Lemma gamma_k_ge (gT : finGroupType) n :
  #|gT| <= n -> (#|gT| ^ 2) ^ (n - #|gT|) <= gamma_k gT n.
Proof.
move=> le_kn; rewrite -[in gamma_k _ n](subnK le_kn); set m := n - #|gT|.
have -> : (#|gT| ^ 2) ^ m = #|{: lgraph gT m}|.
  by rewrite card_ffun card_prod card_ord mulnn.
rewrite -cardsT -(card_imset _ (@even_extension_inj gT m)).
apply/subset_leq_card/subsetP => _ /imsetP[h _ ->].
by rewrite inE even_extension_pseudo_path.
Qed.

Lemma leq_Bernoulli q e : q ^ e * (q + e) <= q.+1 ^ e * q.
Proof.
elim: e => [|e IHe]; first by rewrite addn0.
rewrite !expnS; nia.
Qed.

Lemma gamma_k_sub_m_k (gT : finGroupType) n : 1 < #|gT| -> #|gT| <= n ->
  (gamma_k gT n - m_k gT n) * n <=
  2 ^ #|gT| * (#|gT| ^ 2) ^ #|gT| * (#|gT|.-1 ^ 2 + 1) * gamma_k gT n.
Proof.
move=> k_gt1 le_kn; set k := #|gT|; set q := k.-1 ^ 2 + 1.
have gap : gamma_k gT n - m_k gT n <= 2 ^ k * q ^ n.
  rewrite leq_subLR (leq_trans (gamma_k_le_m_k_disconnected _ _)) //.
  by rewrite leq_add2l card_disconnected.
have lower := gamma_k_ge le_kn.
have q_lt_k2 : q.+1 <= k ^ 2 by rewrite /q; nia.
have power : q.+1 ^ n <= (k ^ 2) ^ k * gamma_k gT n.
  rewrite (leq_trans (leq_exp2rW n q_lt_k2)) //.
  by rewrite -{1}(subnKC le_kn) expnD leq_mul2l lower orbT.
rewrite (leq_trans (leq_mul gap (leq_addl q n))) // -mulnA.
rewrite (leq_trans (leq_mul (leqnn _) (leq_Bernoulli q n))) //; nia.
Qed.

Local Open Scope ring_scope.

Lemma dist_ratio_le (R : realFieldType) (a b c n : nat) :
  (a <= b)%N -> (0 < b)%N -> (0 < n)%N -> ((b - a) * n <= c * b)%N ->
  `|a%:R / b%:R - 1| <= c%:R / n%:R :> R.
Proof.
move=> le_ab b_gt0 n_gt0 le_gap.
have -> : a%:R / b%:R - 1 = - ((b - a)%:R / b%:R) :> R.
  by rewrite natrB // mulrBl divff ?pnatr_eq0 -?lt0n // opprB.
rewrite normrN ger0_norm ?divr_ge0 // ler_pdivrMr ?ltr0n // mulrAC.
by rewrite ler_pdivlMr ?ltr0n // -!natrM ler_nat.
Qed.

Theorem mainTheorem16 (gT : finGroupType) (hk : (2 <= #|gT|)%N) :
  forall eps : rat, 0 < eps ->
  exists N : nat, forall n : nat, (N <= n)%N ->
    `| (m_k gT n)%:R / (gamma_k gT n)%:R - 1 | < eps.
Proof.
move=> eps eps_gt0.
set c := (2 ^ #|gT| * (#|gT| ^ 2) ^ #|gT| * (#|gT|.-1 ^ 2 + 1))%N.
exists (maxn #|gT| (Num.bound (c%:R / eps))) => n; rewrite geq_max => /andP[le_kn le_bn].
have n_gt0 : (0 < n)%N by rewrite (leq_trans _ le_kn) // ltnW.
have gamma_gt0 : (0 < gamma_k gT n)%N.
  by rewrite (leq_trans _ (gamma_k_ge le_kn)) // !expn_gt0 (ltnW hk).
have := gamma_k_sub_m_k hk le_kn.
move/(dist_ratio_le rat (m_k_le_gamma_k _ _) gamma_gt0 n_gt0)/le_lt_trans; apply.
rewrite ltr_pdivrMr ?ltr0n // mulrC -ltr_pdivrMr //.
by rewrite (lt_le_trans (archi_boundP _)) ?ler_nat // divr_ge0 // ltW.
Qed.
(* Let $T\in\mathcal{T}_h^\Gamma$ and $r_T=|L_T|$. For every polynomial $v\in\mathbb{P}^k(T)$ (extended polynomially to $\mathbb{R}^2$) and $j=0,1$, $$h_T^j\|D^jv\|_{L^\infty(T)}\le C\,h_T^k\sum_{\ell=0}^k\frac{1}{r_T^{\ell}}\max_{0\le i\le\ell}\big|D_{\eta}^{k-\ell}v(x_i^{\ell,T})\big|,$$ where $C$ depends only on the shape regularity of $T$, on $k$, and on the regularity of $\Gamma$.
   Context: $\Omega\subset\mathbb{R}^2$ is a polygonal domain containing a smooth closed curve $\Gamma$ enclosing the open set $\Omega^-$; $\Omega^+=\Omega\setminus\overline{\Omega^-}$. $\mathcal{T}_h$ is a shape-regular, quasi-uniform triangulation of $\Omega$, $h_T=\operatorname{diam}T$, and $k\ge1$ is an integer. Standing assumption: $\Gamma$ meets the boundary of each triangle in at most two points, and if in exactly two points they lie on different edges. $\mathcal{T}_h^\Gamma$ is the set of $T\in\mathcal{T}_h$ with $T\cap\Gamma\ne\emptyset$. For $T\in\mathcal{T}_h^\Gamma$: $y_T,z_T$ are the two endpoints of $T\cap\Gamma$, $L_T$ is the segment joining them, $T^\pm=T\cap\Omega^\pm$, $\eta$ is the unit vector perpendicular to $L_T$ pointing out of $T^-$, and $\tau$ is $\eta$ rotated by $90^\circ$ counterclockwise; $D_\eta$ denotes the directional derivative in direction $\eta$. For $\ell=0,\dots,k$, $\{\bar x_i^{\ell,T}\}_{i=0}^{\ell}$ are the $\ell+1$ Gauss–Legendre points of the segment $L_T$, and $x_i^{\ell,T}$ is the intersection of $\Gamma$ with the line through $\bar x_i^{\ell,T}$ perpendicular to $L_T$. *)

From Stdlib Require Import Reals Lra.
Open Scope R_scope.

Definition pt := (R * R)%type.
Definition padd (p q : pt) : pt := (fst p + fst q, snd p + snd q).
Definition psub (p q : pt) : pt := (fst p - fst q, snd p - snd q).
Definition pscale (t : R) (p : pt) : pt := (t * fst p, t * snd p).
Definition pdot (p q : pt) : R := fst p * fst q + snd p * snd q.
Definition pnorm (p : pt) : R := sqrt (pdot p p).
Definition pdist (p q : pt) : R := pnorm (psub p q).

Definition cross (p q : pt) : R := fst p * snd q - snd p * fst q.
Definition nondegenerate (a b c : pt) : Prop := cross (psub b a) (psub c a) <> 0.

Definition in_tri (a b c p : pt) : Prop :=
  exists l1 l2 l3 : R, 0 <= l1 /\ 0 <= l2 /\ 0 <= l3 /\ l1 + l2 + l3 = 1 /\
    p = padd (pscale l1 a) (padd (pscale l2 b) (pscale l3 c)).
Lemma point_braid_slide (W D : B) (v : hom unit W) :
  (v ⊗m 1_ D) ∘ luni D = braid D W ∘ (1_ D ⊗m v) ∘ runi D.
Proof. rewrite braid_nat, braid_unit_r. simp_iso. reflexivity. Qed.
Lemma point_braidi_slide (W D : B) (v : hom unit W) :
  (v ⊗m 1_ D) ∘ luni D = braidi B W D ∘ (1_ D ⊗m v) ∘ runi D.
Proof. rewrite braidi_nat, braidi_unit_l. simp_iso. reflexivity. Qed.
End InverseBraiding.

Definition reverse_braiding (B : BrMonCat) : BrMonCat :=
  {| bmon := bmon B; braid := fun a b => braidi B b a; braidi := fun a b => braid b a;
     braid_braidi := fun a b => braidi_braid B b a;
     braidi_braid := fun a b => braid_braidi B b a;
     braid_nat := @braidi_nat B; hexagon1 := @braidi_hex1 B; hexagon2 := @braidi_hex2 B |}.

Section Interchange.
Context {B : BrMonCat}.

Definition xchg (b c d : B) : hom (b ⊗ (c ⊗ d)) (c ⊗ (b ⊗ d)) :=
  asc c b d ∘ (braid b c ⊗m 1_ d) ∘ asci b c d.

Lemma mid4_xchg (a b c d : B) :
  mid4 a b c d = asci a c (b ⊗ d) ∘ (1_ a ⊗m xchg b c d) ∘ asc a b (c ⊗ d).
Proof. reflexivity. Qed.

Lemma xchg_nat (b b' c c' d d' : B) (u : hom b b') (v : hom c c') (w : hom d d') :
  xchg b' c' d' ∘ (u ⊗m (v ⊗m w)) = (v ⊗m (u ⊗m w)) ∘ xchg b c d.
Proof.
  unfold xchg. nf. rw2 (asci_nat _ _ _ _ _ _ u v w).
  rw2 (tensm_absorb_ll (braid b' c') (u ⊗m v) w).
  rewrite braid_nat, <- tensm_absorb_lr. nf.
  rw2 (asc_nat _ _ _ _ _ _ _ v u w). reflexivity.
Qed.

Lemma xchg_asc (b c d w : B) :
  xchg b c (d ⊗ w) ∘ (1_ b ⊗m asc c d w)
  = (1_ c ⊗m asc b d w) ∘ asc c (b ⊗ d) w ∘ (xchg b c d ⊗m 1_ w) ∘ asci b (c ⊗ d) w.
Proof.
  unfold xchg. nf. rw2 (pentagon_1 b c d w).
  rewrite <- (tensm_id _ d w).
  rw2r (asc_nat _ _ _ _ _ _ _ (braid b c) (1_ d) (1_ w)).
  rw2 (eq_sym (pentagon _ c b d w)). rewrite !tl_cmp. nf. reflexivity.
Qed.

Lemma xchg_tens_mid (b c e w : B) :
  xchg b (c ⊗ e) w
  = asci c e (b ⊗ w) ∘ (1_ c ⊗m xchg b e w) ∘ xchg b c (e ⊗ w) ∘ (1_ b ⊗m asc c e w).
Proof.
  unfold xchg. rewrite braid_tens_r, !tl_cmp, !tr_cmp. nf.
  rw2 (pentagon_1 b c e w).
  rewrite <- (tensm_id _ e w).
  rw2r (asc_nat _ _ _ _ _ _ _ (braid b c) (1_ e) (1_ w)).
  rw2 (eq_sym (pentagon _ c b e w)). simp_iso.
  rw2r (asc_nat _ _ _ _ _ _ _ (1_ c) (braid b e) (1_ w)).
  rw2 (pentagon_1 c e b w). simp_iso. reflexivity.
Qed.
Lemma xchg_tens_first (b d e f : B) :
  xchg (b ⊗ d) e f
  = (1_ e ⊗m asci b d f) ∘ xchg b e (d ⊗ f) ∘ (1_ b ⊗m xchg d e f) ∘ asc b d (e ⊗ f).
Proof.
  unfold xchg. rewrite braid_tens_l, !tl_cmp, !tr_cmp. nf.
  rw2 (pentagon_1 b e d f).
  rewrite <- (tensm_id _ d f).
  rw2r (asc_nat _ _ _ _ _ _ _ (braid b e) (1_ d) (1_ f)).
  rw2 (eq_sym (pentagon _ e b d f)). simp_iso.
  rw2 (asci_nat _ _ _ _ _ _ (1_ b) (braid d e) (1_ f)).
  rw2r (pentagon_3 b d e f). simp_iso. reflexivity.
Qed.
Lemma xchg_mid4 (b c d e f : B) :
  (1_ (c ⊗ e) ⊗m asc b d f) ∘ asci c e ((b ⊗ d) ⊗ f) ∘ (1_ c ⊗m xchg (b ⊗ d) e f)
  ∘ asc c (b ⊗ d) (e ⊗ f) ∘ (xchg b c d ⊗m 1_ (e ⊗ f)) ∘ asci b (c ⊗ d) (e ⊗ f)
  = xchg b (c ⊗ e) (d ⊗ f) ∘ (1_ b ⊗m mid4 c d e f).
Proof.
  rewrite xchg_tens_mid, xchg_tens_first, mid4_xchg, !tr_cmp. nf. simp_iso.
  rw2 (xchg_nat _ _ _ _ _ _ (1_ b) (1_ c) (xchg d e f)).
  rw2 (asci_nat _ _ _ _ _ _ (1_ c) (1_ e) (asci b d f)). simp_iso.
  rw4r (xchg_asc b c d (e ⊗ f)). simp_iso. reflexivity.
Qed.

........

Check each line of the entries above, and show every one holding the word "finGroupType".

- **Exercise result**:
Lemma gamma_k_ge (gT : finGroupType) n :
Lemma gamma_k_sub_m_k (gT : finGroupType) n : 1 < #|gT| -> #|gT| <= n ->
Theorem mainTheorem16 (gT : finGroupType) (hk : (2 <= #|gT|)%N) :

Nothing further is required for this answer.